Ce qui est remarquable avec les sedums, c’est leur capacité à se multiplier presque sans intervention humaine. Un morceau de tige tombé sur le sol prend racine tout seul. Nos grands-parents échangeaient des boutures de sedum entre voisins comme on échange aujourd’hui des graines, avec la même simplicité et la même générosité.
- Exposition : plein soleil
- Sol : drainant, pauvre accepté
- Rusticité : variable selon espèces, généralement jusqu’à -15°C
- Floraison : août à octobre pour les grandes espèces
- Arrosage : inexistant une fois installé
L’échinacée, la vivace oubliée qui revient en force
Echinacea purpurea est une vivace originaire des prairies nord-américaines, introduite en Europe depuis plusieurs siècles. Elle s’est parfaitement acclimatée aux jardins français et figurait régulièrement dans les jardins de nos grands-parents, souvent sans que l’on sache précisément son nom botanique. On l’appelait le rudbeckie rose, la fleur hérisson, ou simplement la grande fleur de l’été.
Ce qui la rend exceptionnelle du point de vue de la résistance à la chaleur, c’est son système racinaire. L’échinacée développe une racine pivotante puissante qui peut descendre à plus de 50 centimètres de profondeur dans le sol. Cette racine lui permet d’aller chercher l’humidité là où le soleil ne peut pas l’atteindre, même lors des canicules les plus sévères.
Ses grandes fleurs roses ou pourpres, avec leur cône central orangé et piquant, apparaissent de juillet à septembre et tiennent plusieurs semaines sur la tige, y compris par temps de forte chaleur. Contrairement à beaucoup de fleurs d’été, elle ne fane pas et ne se recroqueville pas sous 40°C. Elle continue de fleurir avec une régularité qui force le respect.
Plantée en juin dans un sol ordinaire, même légèrement argileux, elle s’installe bien à condition de recevoir quelques arrosages les dix premiers jours. Ensuite, elle est autonome. Ses vertus médicinales, reconnues pour stimuler les défenses immunitaires, en faisaient une plante du jardin de santé que beaucoup de familles rurales cultivaient par tradition.

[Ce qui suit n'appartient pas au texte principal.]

Lemma coef_sum_terms l u : coef (sum_terms l) u = lcoef l u.
Proof.
elim: l => [|p l IH] /=; first by rewrite coef0 /lcoef big_nil.
by rewrite coefD coefZ coefT IH /lcoef big_cons.
Qed.

Lemma coef_tequiv s u u' : tequiv u u' -> coef s u = coef s u'.
Proof. by move=> h; apply: eq_bigr => p _; rewrite (delta_r _ h). Qed.

Lemma sequiv_scaler0 a : sequiv (SScale a SZero) SZero.
Proof.
seq_via (SScale a (SScale 0 SZero)); first by apply/seq_scale/seq_sym; equiv_auto.
seq_via (SScale (a * 0) SZero); first by equiv_auto.
by rewrite mulr0; equiv_auto.
Qed.

Lemma sequiv_addr0 s : sequiv (SAdd s SZero) s.
Proof. by seq_via (SAdd SZero s); equiv_auto. Qed.

Lemma sum_terms_cat l1 l2 :
  sequiv (sum_terms (l1 ++ l2)) (SAdd (sum_terms l1) (sum_terms l2)).
Proof.
elim: l1 => /= [|p l IH]; first by apply: seq_sym; equiv_auto.
seq_via (SAdd (SScale p.1 (STerm p.2)) (SAdd (sum_terms l) (sum_terms l2))); first by equiv_auto.
by apply: seq_sym; equiv_auto.
Qed.

Lemma sum_terms_scale a l :
  sequiv (sum_terms [seq (a * p.1, p.2) | p <- l]) (SScale a (sum_terms l)).
Proof.
elim: l => /= [|p l IH]; first exact/seq_sym/sequiv_scaler0.
seq_via (SAdd (SScale a (SScale p.1 (STerm p.2))) (SScale a (sum_terms l))).
  by apply: seq_add => //; apply: seq_sym; equiv_auto.
by apply: seq_sym; equiv_auto.
Qed.

Lemma sum_terms_flat s : sequiv s (sum_terms (flat s)).
Proof.
elim: s => /= [t||a s IH|s1 IH1 s2 IH2]; apply: seq_sym.
- by seq_via (SScale 1 (STerm t)); [exact: sequiv_addr0 | equiv_auto].
- by equiv_auto.
- by seq_via (SScale a (sum_terms (flat s))); [exact: sum_terms_scale | equiv_auto; apply: seq_sym].
- seq_via (SAdd (sum_terms (flat s1)) (sum_terms (flat s2))); first exact: sum_terms_cat.
  by apply: seq_add; apply: seq_sym.
Qed.

Definition drop_class t (l : seq (algC * term)) := [seq p <- l | ~~ teqb p.2 t].

Lemma sum_terms_split_class l t :
  sequiv (sum_terms l) (SAdd (SScale (lcoef l t) (STerm t)) (sum_terms (drop_class t l))).
Proof.
rewrite /drop_class; elim: l => /= [|[a u] l IH].
  by rewrite /lcoef big_nil; apply: seq_sym; seq_via (SAdd SZero SZero); equiv_auto.
rewrite /lcoef big_cons -/(lcoef l t) /= deltaE.
set c := lcoef l t; set rest := sum_terms (filter _ l) in IH.
seq_via (SAdd (SScale a (STerm u)) (SAdd (SScale c (STerm t)) rest)); first by equiv_auto.
have [/teqbP e|ne] /= := boolP (teqb u t).
- rewrite mulr1; seq_via (SAdd (SAdd (SScale a (STerm t)) (SScale c (STerm t))) rest).
    apply: seq_sym; seq_via (SAdd (SScale a (STerm t)) (SAdd (SScale c (STerm t)) rest)).
      by equiv_auto.
    by apply: seq_add; equiv_auto; apply: teq_sym.
  by equiv_auto.
- rewrite mulr0 ?addr0 ?add0r; seq_via (SAdd (SAdd (SScale a (STerm u)) (SScale c (STerm t))) rest).
    by apply: seq_sym; equiv_auto.
  seq_via (SAdd (SAdd (SScale c (STerm t)) (SScale a (STerm u))) rest); by equiv_auto.
Qed.

Lemma lcoef_drop_class l t u :
  lcoef (drop_class t l) u = if teqb u t then 0 else lcoef l u.
Proof.
rewrite /lcoef /drop_class big_filter; have [h|h] := boolP (teqb u t).
  apply: big1 => p hp; rewrite deltaE; case: (boolP (teqb p.2 u)) => [h2|_]; last by rewrite mulr0.
  by rewrite (teqb_trans h2 h) in hp.
rewrite [in RHS](bigID (fun p => ~~ teqb p.2 t)) /= [X in _ = _ + X]big1 ?addr0 //.
move=> p; rewrite negbK deltaE => hp; case: (boolP (teqb p.2 u)) => [h2|_]; last by rewrite mulr0.
by move: h; rewrite (teqb_trans _ hp) // teqb_sym.
Qed.

Lemma size_drop_class t l : (size (drop_class t l) <= size l)%N.
Proof. by rewrite size_filter count_size. Qed.

Lemma sum_terms_lcoef_ext l l' : lcoef l =1 lcoef l' -> sequiv (sum_terms l) (sum_terms l').
Proof.
move: {2}(size l + size l')%N (leqnn (size l + size l')%N) => m.
elim: m l l' => [|m IH] l l' hs he.
  by case: l hs {he}; case: l' => //= *; equiv_auto.
have by_class t : (size (drop_class t l) + size (drop_class t l') <= m)%N ->
    sequiv (sum_terms l) (sum_terms l').
  move=> hs'; seq_via (SAdd (SScale (lcoef l t) (STerm t)) (sum_terms (drop_class t l))).
    exact: sum_terms_split_class.
  apply: seq_sym; seq_via (SAdd (SScale (lcoef l' t) (STerm t)) (sum_terms (drop_class t l'))).
    exact: sum_terms_split_class.
  rewrite he; apply: seq_add; first by equiv_auto.
  by apply/seq_sym/IH => // u; rewrite !lcoef_drop_class he.
case: l hs he by_class => [|[a t] l] hs he by_class.
  case: l' hs he by_class => [|[a1 t1] l1] hs he by_class; first by equiv_auto.
  apply: (by_class t1); rewrite /drop_class /= teqb_refl /= -/(drop_class t1 l1) add0n.
  by rewrite add0n ltnS in hs; apply: leq_trans (size_drop_class t1 l1) hs.
apply: (by_class t); rewrite /drop_class /= teqb_refl /= -/(drop_class t l) -/(drop_class t l').
move: hs; rewrite /= addSn ltnS; apply: leq_trans.
exact: leq_add (size_drop_class _ _) (size_drop_class _ _).
Qed.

- Exposition : soleil à mi-ombre légère
- Sol : ordinaire, bien drainé
- Rusticité : jusqu’à -20°C
- Floraison : juillet à septembre
- Hauteur : 60 à 120 cm selon variétés
Ce que ces quatre plantes ont en commun
Au-delà de leur résistance à la sécheresse, ces quatre vivaces partagent plusieurs caractéristiques qui expliquent pourquoi nos anciens les choisissaient systématiquement pour les endroits difficiles du jardin.
| Plante | Résistance chaleur | Rusticité hiver | Floraison | Arrosage entretien |
|---|---|---|---|---|
| Lavande | Excellente | Jusqu’à -15°C | Juillet-septembre | Nul |
| Achillée | Très bonne | Jusqu’à -20°C | Juin-septembre | Nul |
| Sedum | Excellente | Jusqu’à -15°C | Août-octobre | Nul |
| Échinacée | Très bonne | Jusqu’à -20°C | Juillet-septembre | Nul |
Elles fleurissent toutes en été, précisément au moment où les jardins manquent souvent de couleur parce que les autres plantes souffrent de la chaleur. Elles attirent les pollinisateurs, ce qui était important dans les jardins potagers de nos anciens. Elles se multiplient facilement, par division ou par bouturage, ce qui permettait de les partager sans dépenser d’argent. Et elles vivent des dizaines d’années sans soins particuliers.
Ce n’est pas une coïncidence si ces plantes reviennent aujourd’hui sur le devant de la scène jardinière. Face aux restrictions d’eau, aux canicules répétées et à une prise de conscience générale sur la consommation des ressources naturelles, le jardinage sans arrosage ou jardinage en sécheresse redevient une priorité. Nos grands-parents n’avaient pas inventé un concept tendance, ils avaient simplement adapté leurs pratiques aux contraintes de leur époque. Il se trouve que ces contraintes ressemblent de plus en plus aux nôtres.
Planter ces quatre vivaces en juin, c’est faire le choix d’un jardin qui travaille avec le climat plutôt que contre lui. Un jardin qui fleurit en pleine canicule pendant que le voisin arrose tous les soirs. Un jardin qui, dans dix ans, sera encore là, sans avoir coûté un seul litre d’eau du robinet.